Train station in San Sebastián, Spain

San Sebastián railway station, also known as Donostia-San Sebastián or Estación del Norte, is the main railway station of the Spanish city of San Sebastián, Basque Country. It served over 2 million passengers in 2018.

==Services==
Alvia services use the Madrid–León high-speed rail line as far as Valladolid-Campo Grande, and switches to the conventional rail network to serve Vitoria-Gasteiz and San Sebastián before reaching Irun. The Barcelona Sants to Irun Alvia service uses the Madrid–Barcelona high-speed rail line to Zaragoza-Delicias before switching to conventional tracks to San Sebastián. The Cercanías San Sebastián commuter rail line also serves the station.

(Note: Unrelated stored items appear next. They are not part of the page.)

(* Let $\mathcal{S}$ be a subset of $\mathbb{P}^2(\mathbb{F}_q)$ with $|\mathcal{S}|=q+2$, and suppose there is some $P\in\mathcal{S}$ such that no line through $P$ contains at least three points of $\mathcal{S}$. Then after a suitable change of projective coordinates, $\mathcal{S}=\mathcal{S}_f$ for some $f(X)\in\mathbb{F}_q[X]$. Moreover, if there are two such points $P\in\mathcal{S}$, then after a suitable change of coordinates $\mathcal{S}=\mathcal{S}_f$ for some $f(X)\in\mathbb{F}_q[X]$ which permutes $\mathbb{F}_q$.
   Context: $q$ is a prime power. For $f(X)\in\mathbb{F}_q[X]$, $\mathcal{S}_f:=\{(c:f(c):1):c\in\mathbb{F}_q\}\cup\{(1:0:0),(0:1:0)\}\subseteq\mathbb{P}^2(\mathbb{F}_q)$. A polynomial permutes $\mathbb{F}_q$ if the map $c\mapsto f(c)$ is a bijection $\mathbb{F}_q\to\mathbb{F}_q$. *)

From HB Require Import structures.
From mathcomp Require Import all_boot all_order all_algebra all_field.
Set Implicit Arguments. Unset Strict Implicit. Unset Printing Implicit Defensive.
Import GRing.Theory.
Local Open Scope ring_scope.

(* Points of P^2(F) are represented by their unique normalized homogeneous
   coordinate row vector (x0 : x1 : x2): nonzero, with LAST nonzero coordinate 1. *)
Definition pnormal (F : finFieldType) (v : 'rV[F]_3) : bool :=
  [exists i : 'I_3, (v 0 i == 1) && [forall j : 'I_3, (i < j)%N ==> (v 0 j == 0)]].

Definition P2 (F : finFieldType) := {v : 'rV[F]_3 | pnormal v}.

Definition mk3 (F : finFieldType) (a b c : F) : 'rV[F]_3 :=
  \row_(i < 3) nth 0 [:: a; b; c] i.

Definition peq (F : finFieldType) (u v : 'rV[F]_3) : bool :=
  [exists k : F, (k != 0) && (u == k *: v)].

Definition pline (F : finFieldType) (l : 'cV[F]_3) : {set P2 F} :=
  [set x : P2 F | val x *m l == 0].

Definition pimage (F : finFieldType) (A : 'M[F]_3) (S : {set P2 F}) : {set P2 F} :=
  [set x : P2 F | [exists y in S, peq (val y *m A) (val x)]].

Definition no_trisecant_through (F : finFieldType) (S : {set P2 F}) (P : P2 F) : Prop :=
  forall l : 'cV[F]_3, l != 0 -> P \in pline l -> (#|S :&: pline l| < 3)%N.

Definition Sf (F : finFieldType) (f : {poly F}) : {set P2 F} :=
  [set x : P2 F | [|| [exists c : F, val x == mk3 c f.[c] 1],
                      val x == mk3 1 0 0 | val x == mk3 0 1 0]].

From HB Require Import structures.
From mathcomp Require Import all_boot all_order all_algebra all_field.
Set Implicit Arguments. Unset Strict Implicit. Unset Printing Implicit Defensive.
Import GRing.Theory.
Local Open Scope ring_scope.

(* Send a point P of S without trisecants to (0:1:0) and a second point Q of S
   to (1:0:0).  The line x2 = 0 through P already contains Q, so the other q
   points of S are affine points (a : b : 1), and the lines x0 = c x2 through P
   show that distinct ones have distinct abscissae.  By counting, they form the
   graph of a map F -> F, and every map of a finite field is polynomial.  If Q
   has no trisecant either, the lines x1 = c x2 through Q make that map
   injective. *)

Lemma row_free_unitmx_map (F : fieldType) m n (U V : 'M[F]_(m, n)) :
  row_free U -> row_free V -> exists2 A, A \in unitmx & U *m A = V.
Proof.
move=> freeU freeV; have /row_freeP[B UB] := freeU.
have [|A unitA UA] := @complete_unitmx _ _ _ U (B *m V).
  by rewrite mulmxA UB mul1mx (eqP freeU) (eqP freeV).
by exists A; rewrite // -UA mulmxA UB mul1mx.
Qed.

Section NormalizedPoints.
Variable F : finFieldType.

Lemma mk3E (a b c : F) (j : 'I_3) : mk3 a b c 0 j = nth 0 [:: a; b; c] j.
Proof. by rewrite mxE. Qed.

Lemma mk3_row (u : 'rV[F]_3) : u = mk3 (u 0 0) (u 0 1) (u 0 2).
Proof.
by apply/rowP=> -[[|[|[|//]]] lt_j3]; rewrite mk3E /=; congr (u 0 _); apply: val_inj.
Qed.

Lemma scale_mk3 (k a b c : F) : k *: mk3 a b c = mk3 (k * a) (k * b) (k * c).
Proof. by apply/rowP=> -[[|[|[|//]]] lt_j3]; rewrite !mxE. Qed.

Lemma pnormal_mk3 (a b : F) : pnormal (mk3 a b 1).
Proof.
by apply/existsP; exists 2; rewrite mk3E eqxx; apply/forallP=> -[[|[|[|//]]] ?].
Qed.

Lemma pnormal_e0 : pnormal (mk3 (1 : F) 0 0).
Proof.
apply/existsP; exists 0; rewrite mk3E eqxx.
by apply/forallP=> -[[|[|[|//]]] ?]; rewrite mk3E /= ?eqxx.
Qed.

Lemma pnormal_e1 : pnormal (mk3 (0 : F) 1 0).
Proof.
apply/existsP; exists 1; rewrite mk3E eqxx.
by apply/forallP=> -[[|[|[|//]]] ?]; rewrite mk3E /= ?eqxx.
Qed.

Lemma pnormal_neq0 (v : 'rV[F]_3) : pnormal v -> v != 0.
Proof.
by case/existsP=> i /andP[vi1 _]; apply: contraTneq vi1 => ->; rewrite mxE eq_sym oner_eq0.
Qed.

Lemma pnormal_scale_eq (u v : 'rV[F]_3) k :
  pnormal u -> pnormal v -> u = k *: v -> u = v.
Proof.
case/existsP=> i /andP[/eqP ui1 /forallP u0]; case/existsP=> j /andP[/eqP vj1 /forallP v0].
move=> uv; have uvE m : u 0 m = k * v 0 m by rewrite uv mxE.
case: (ltngtP i j) => [lt_ij|lt_ji|/val_inj eq_ij].
- move: (u0 j); rewrite lt_ij uvE vj1 mulr1 => /eqP k0.
  by move: ui1; rewrite uvE k0 mul0r => /eqP; rewrite eq_sym oner_eq0.
- move: (v0 i); rewrite lt_ji => /eqP vi0.
  by move: ui1; rewrite uvE vi0 mulr0 => /eqP; rewrite eq_sym oner_eq0.
- by move: ui1; rewrite uvE eq_ij vj1 mulr1 => k1; rewrite uv k1 scale1r.
Qed.

Lemma peq_scale_pnormal (u x : 'rV[F]_3) k :
  pnormal u -> pnormal x -> peq (k *: u) x -> x = u.
Proof.
move=> nu nx /existsP[k' /andP[k'0 /eqP kux]].
apply: (pnormal_scale_eq (k := k'^-1 * k)) => //.
by rewrite -scalerA kux scalerA mulVf // scale1r.
Qed.

Lemma peq_scale (u : 'rV[F]_3) k : k != 0 -> peq (k *: u) u.
Proof. by move=> k0; apply/existsP; exists k; rewrite k0 eqxx. Qed.

Lemma row_free_col_pnormal (p q : 'rV[F]_3) :
  pnormal p -> pnormal q -> p != q -> row_free (col_mx p q).
Proof.
move=> np nq pq; apply: inj_row_free => x.
rewrite -[x]hsubmxK mul_row_col (mx11_scalar (lsubmx x)) (mx11_scalar (rsubmx x)).
rewrite !mul_scalar_mx; set a := lsubmx x 0 0; set b := rsubmx x 0 0 => abpq.
have b0 : b = 0.
  apply: contraTeq pq => b_neq0; rewrite negbK eq_sym; apply/eqP.
  apply: (pnormal_scale_eq (k := - (a / b))) => //; apply: (scalerI b_neq0).
  rewrite scalerA mulrN mulrCA mulfV // mulr1 scaleNr.
  by apply/eqP; rewrite -addr_eq0 addrC abpq.
have a0 : a = 0.
  move: abpq; rewrite b0 scale0r addr0 => /eqP.
  by rewrite scaler_eq0 (negPf (pnormal_neq0 np)) orbF => /eqP.
by rewrite a0 b0 -scalemx1 scale0r row_mx0.
Qed.

Lemma pnormal_frame (p q : 'rV[F]_3) : pnormal p -> pnormal q -> p != q ->
  exists2 A, A \in unitmx & p *m A = mk3 1 0 0 /\ q *m A = mk3 0 1 0.
Proof.
move=> np nq pq; have e01 : mk3 (1 : F) 0 0 != mk3 0 1 0.
  by apply/eqP=> /rowP/(_ 0); rewrite !mk3E /=; apply/eqP; rewrite oner_eq0.
have [A unitA] := row_free_unitmx_map (row_free_col_pnormal np nq pq)
                                       (row_free_col_pnormal pnormal_e0 pnormal_e1 e01).
by rewrite mul_col_mx => /eq_col_mx[pA qA]; exists A.
Qed.

End NormalizedPoints.

Section Lines.
Variable F : finFieldType.

Definition col3 (a b c : F) : 'cV[F]_3 := \col_(i < 3) nth 0 [:: a; b; c] i.

Lemma in_pline (A : 'M[F]_3) (x : P2 F) a b c :
  (x \in pline (A *m col3 a b c)) =
  ((val x *m A) 0 0 * a + (val x *m A) 0 1 * b + (val x *m A) 0 2 * c == 0).
Proof.
rewrite inE mulmxA [X in X == 0]mx11_scalar -scalemx1 scalemx_eq0 oner_eq0 orbF.
move: (val x *m A) => w; rewrite mxE !big_ord_recl big_ord0 !mxE /= addr0 addrA.
by congr (w 0 _ * a + w 0 _ * b + w 0 _ * c == 0); apply: val_inj.
Qed.

Lemma mul_unitmx_col3_neq0 (A : 'M[F]_3) a b c :
  A \in unitmx -> [|| a != 0, b != 0 | c != 0] -> A *m col3 a b c != 0.
Proof.
move=> unitA; apply: contraTN => /eqP/(canRL (mulKmx unitA)); rewrite mulmx0 => /colP abc0.
by move: (abc0 0) (abc0 1) (abc0 2); rewrite !mxE /= => -> -> ->; rewrite eqxx.
Qed.

Lemma no_trisecant_eq (S : {set P2 F}) (P x y : P2 F) l :
  no_trisecant_through S P -> l != 0 -> P \in S -> P \in pline l ->
  x \in S -> y \in S -> x \in pline l -> y \in pline l -> x != P -> y != P -> x = y.
Proof.
move=> ntP l0 PS Pl xS yS xl yl xP yP; apply/eqP/negPn/negP => xy.
have := ntP l l0 Pl; apply/negP; rewrite -leqNgt.
apply: (@leq_trans #|[set P; x; y]|).
  by rewrite -setUA cardsU1 cards2 xy !inE negb_or !(eq_sym P) xP yP.
by apply/subset_leq_card/subsetP=> z; rewrite -setUA => /setU1P[->|/set2P[]->]; apply/setIP.
Qed.

End Lines.

Section Interpolation.
Variable F : finFieldType.

Lemma expf_card_pred (x : F) : x ^+ #|F|.-1 = (x != 0)%:R.
Proof.
have F_gt1 := finNzRing_gt1 F.
have [->|x_neq0] := eqVneq x 0; first by rewrite expr0n; case: #|F| F_gt1 => [|[|]].
by apply: (mulfI x_neq0); rewrite -exprS prednK ?expf_card ?mulr1 // ltnW.
Qed.

(* By Fermat, [1 - (X - a)^(q-1)] is the indicator polynomial of [a]. *)
Lemma poly_of_fun (g : F -> F) : exists f : {poly F}, forall c, f.[c] = g c.
Proof.
exists (\sum_a g a *: (1 - ('X - a%:P) ^+ #|F|.-1)) => c.
rewrite horner_sum (bigD1 c) //= big1 => [|a /negPf ac].
  by rewrite !hornerE subrr expf_card_pred eqxx /= subr0 mulr1.
by rewrite !hornerE expf_card_pred subr_eq0 eq_sym ac /= subrr mulr0.
Qed.

End Interpolation.

Section AffineChart.
Variables (F : finFieldType) (S : {set P2 F}) (P Q : P2 F) (A : 'M[F]_3).
Hypotheses (cardS : #|S| = (#|F| + 2)%N) (PS : P \in S) (QS : Q \in S) (PQ : P != Q).
Hypotheses (ntP : no_trisecant_through S P) (unitA : A \in unitmx).
Hypotheses (QA : val Q *m A = mk3 1 0 0) (PA : val P *m A = mk3 0 1 0).

(* The affine part of S in the chart x2 = 1: P and Q are its points at infinity. *)
Let Saff := S :\ P :\ Q.

Let SaffP y : y \in Saff -> [/\ y \in S, y != P & y != Q].
Proof. by rewrite !inE => /and3P[]. Qed.

Lemma card_Saff : #|Saff| = #|F|.
Proof.
by move: cardS; rewrite (cardsD1 P) PS (cardsD1 Q) !inE eq_sym PQ QS addn2 => -[].
Qed.

Lemma P_in_pline a c : P \in pline (A *m col3 a 0 c).
Proof. by rewrite in_pline PA !mk3E /= !mul0r mulr0 !addr0. Qed.

Lemma Q_in_pline b c : Q \in pline (A *m col3 0 b c).
Proof. by rewrite in_pline QA !mk3E /= !mul0r mulr0 !addr0. Qed.

Lemma Saff_coord2_neq0 y : y \in Saff -> (val y *m A) 0 2 != 0.
Proof.
case/SaffP=> yS yP yQ; apply: contra_neq yQ => y2.
have l0 : A *m col3 0 0 1 != 0 by rewrite mul_unitmx_col3_neq0 // oner_eq0 !orbT.
apply: (no_trisecant_eq ntP l0 PS (P_in_pline 0 1) yS QS _ (Q_in_pline 0 1)) => //.
  by rewrite in_pline y2 !mulr0 mulr1 !addr0.
by rewrite eq_sym.
Qed.

Definition xcoord (y : P2 F) := (val y *m A) 0 0 / (val y *m A) 0 2.
Definition ycoord (y : P2 F) := (val y *m A) 0 1 / (val y *m A) 0 2.

Lemma Saff_coordE y :
  y \in Saff -> val y *m A = (val y *m A) 0 2 *: mk3 (xcoord y) (ycoord y) 1.
Proof.
move=> /Saff_coord2_neq0; rewrite /xcoord /ycoord; move: (val y *m A) => w w2.
by rewrite {1}[w]mk3_row scale_mk3 !(mulrC (w 0 2)) !divfK // mul1r.
Qed.

Lemma xcoord_pline y : y \in Saff -> y \in pline (A *m col3 1 0 (- xcoord y)).
Proof.
move=> y_aff; rewrite in_pline {1 2}(Saff_coordE y_aff) !mxE /= mulr1 mulr0 addr0 mulrN.
by rewrite mulrCA mulrC subrr.
Qed.

Lemma ycoord_pline y : y \in Saff -> y \in pline (A *m col3 0 1 (- ycoord y)).
Proof.
move=> y_aff; rewrite in_pline {1 2}(Saff_coordE y_aff) !mxE /= mulr1 mulr0 add0r mulrN.
by rewrite mulrCA mulrC subrr.
Qed.

Lemma xcoord_inj : {in Saff &, injective xcoord}.
Proof.
move=> y y' y_aff y'_aff eq_x; have [yS yP _] := SaffP y_aff; have [y'S y'P _] := SaffP y'_aff.
have l0 : A *m col3 1 0 (- xcoord y) != 0 by rewrite mul_unitmx_col3_neq0 ?oner_eq0.
apply: (no_trisecant_eq ntP l0 PS (P_in_pline _ _) yS y'S) => //; first exact: xcoord_pline.
by rewrite eq_x; apply: xcoord_pline.
Qed.

Lemma xcoord_onto c : exists2 y, y \in Saff & c = xcoord y.
Proof.
apply/imsetP; suff -> : xcoord @: Saff = [set: F] by [].
by apply/eqP; rewrite eqEcard subsetT cardsT (card_in_imset xcoord_inj) card_Saff leqnn.
Qed.

Definition graph (c : F) : F :=
  if [pick y in Saff | xcoord y == c] is Some y then ycoord y else 0.

Lemma graph_xcoord y : y \in Saff -> graph (xcoord y) = ycoord y.
Proof.
move=> y_aff; rewrite /graph; case: pickP => [y' /andP[y'_aff /eqP eq_x] | no_y].
  by rewrite (xcoord_inj y'_aff y_aff eq_x).
by move: (no_y y); rewrite y_aff eqxx.
Qed.

Lemma pimage_Sf (f : {poly F}) : (forall c, f.[c] = graph c) -> pimage A S = Sf f.
Proof.
move=> fE; apply/setP=> x; rewrite !inE; apply/existsP/or3P => [[y /andP[yS yx]]|].
  have xE u k : pnormal u -> peq (k *: u) (val x) -> val x = u.
    by move=> nu; apply: peq_scale_pnormal nu (valP x).
  have [yP|yP] := eqVneq y P.
    move: yx; rewrite yP PA -{1}[mk3 _ _ _]scale1r => /xE ->; last exact: pnormal_e1.
    exact: Or33.
  have [yQ|yQ] := eqVneq y Q.
    move: yx; rewrite yQ QA -{1}[mk3 _ _ _]scale1r => /xE ->; last exact: pnormal_e0.
    exact: Or32.
  have y_aff : y \in Saff by rewrite !inE yP yQ.
  move: yx; rewrite (Saff_coordE y_aff) => /xE -> //; last exact: pnormal_mk3.
  by apply: Or31; apply/existsP; exists (xcoord y); rewrite fE graph_xcoord.
case=> [/existsP[c /eqP xE]|/eqP xE|/eqP xE].
- have [y y_aff cE] := xcoord_onto c; have [yS _ _] := SaffP y_aff.
  exists y; rewrite yS (Saff_coordE y_aff) xE fE cE graph_xcoord //.
  exact/peq_scale/Saff_coord2_neq0.
- by exists Q; rewrite QS QA xE -{1}[mk3 _ _ _]scale1r peq_scale ?oner_eq0.
- by exists P; rewrite PS PA xE -{1}[mk3 _ _ _]scale1r peq_scale ?oner_eq0.
Qed.

Lemma graph_inj : no_trisecant_through S Q -> injective graph.
Proof.
move=> ntQ c c'; have [y y_aff ->] := xcoord_onto c; have [y' y'_aff ->] := xcoord_onto c'.
rewrite !graph_xcoord // => eq_y; congr xcoord.
have [yS _ yQ] := SaffP y_aff; have [y'S _ y'Q] := SaffP y'_aff.
have l0 : A *m col3 0 1 (- ycoord y) != 0 by rewrite mul_unitmx_col3_neq0 ?oner_eq0 ?orbT.
apply: (no_trisecant_eq ntQ l0 QS (Q_in_pline _ _) yS y'S) => //; first exact: ycoord_pline.
by rewrite eq_y; apply: ycoord_pline.
Qed.

End AffineChart.

Lemma Sf_normal_form (F : finFieldType) (S : {set P2 F}) (P Q : P2 F) :
  #|S| = (#|F| + 2)%N -> P \in S -> Q \in S -> P != Q -> no_trisecant_through S P ->
  exists2 A : 'M[F]_3, A \in unitmx & exists f : {poly F},
    pimage A S = Sf f /\ (no_trisecant_through S Q -> bijective (fun c => f.[c])).
Proof.
move=> cardS PS QS PQ ntP.
have QP : val Q != val P by rewrite val_eqE eq_sym.
have [A unitA [QA PA]] := pnormal_frame (valP Q) (valP P) QP.
have [f fE] := poly_of_fun (graph S P Q A).
exists A => //; exists f; split.
  exact: (pimage_Sf cardS PS QS PQ ntP unitA QA PA fE).
by move=> ntQ; apply: injF_bij => c c'; rewrite /= !fE; apply: graph_inj.
Qed.

Theorem lemma2p1 (F : finFieldType) (S : {set P2 F}) :
  #|S| = (#|F| + 2)%N ->
  ((exists2 P, P \in S & no_trisecant_through S P) ->
     exists A : 'M[F]_3, A \in unitmx /\ exists f : {poly F}, pimage A S = Sf f) /\
  ((exists P1 P2, [/\ P1 \in S, P2 \in S, P1 != P2,
                     no_trisecant_through S P1 & no_trisecant_through S P2]) ->
     exists A : 'M[F]_3, A \in unitmx /\
       exists f : {poly F}, bijective (fun c : F => f.[c]) /\ pimage A S = Sf f).
Proof.
move=> cardS; split=> [[P PS ntP] | [P [Q [PS QS PQ ntP ntQ]]]].
  have : (0 < #|S :\ P|)%N by move: cardS; rewrite (cardsD1 P) PS addn2 add1n => -[->].
  case/card_gt0P=> Q; rewrite !inE eq_sym => /andP[PQ QS].
  have [A unitA [f [SAf _]]] := Sf_normal_form cardS PS QS PQ ntP.
  by exists A; split => //; exists f.
have [A unitA [f [SAf bij_f]]] := Sf_normal_form cardS PS QS PQ ntP.
by exists A; split => //; exists f; split => //; apply: bij_f.
Qed.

At present, no connection exists to Bilbao by Renfe tracks; however travel between the two cities by the Euskotren Trena metre-gauge network is provided between Matiko station in Bilbao and Donostia-Amara station.

| Preceding station | Renfe Operadora |  |  | Following station |
| Tolosa towards Madrid Chamartín |  | Alvia |  | Irun towards Hendaye |
Zumárraga towards Barcelona Sants
| Zumárraga towards A Coruña |  | Intercity |  |
| Tolosa towards Madrid Chamartín |  | Intercity |  | Alegría de Álava towards Irun |
| Tolosa towards Miranda de Ebro |  | Media Distancia 25 |  | Pasajes towards Irun |
| Preceding station | Cercanías San Sebastián |  |  | Following station |
| Loiola towards Brinkola |  | C-1 |  | Gros towards Irun |

==Future==
The Basque Y high-speed rail network will connect San Sebastián station to Vitoria-Gasteiz and Bilbao-Abando in 34 and 38 minutes respectively.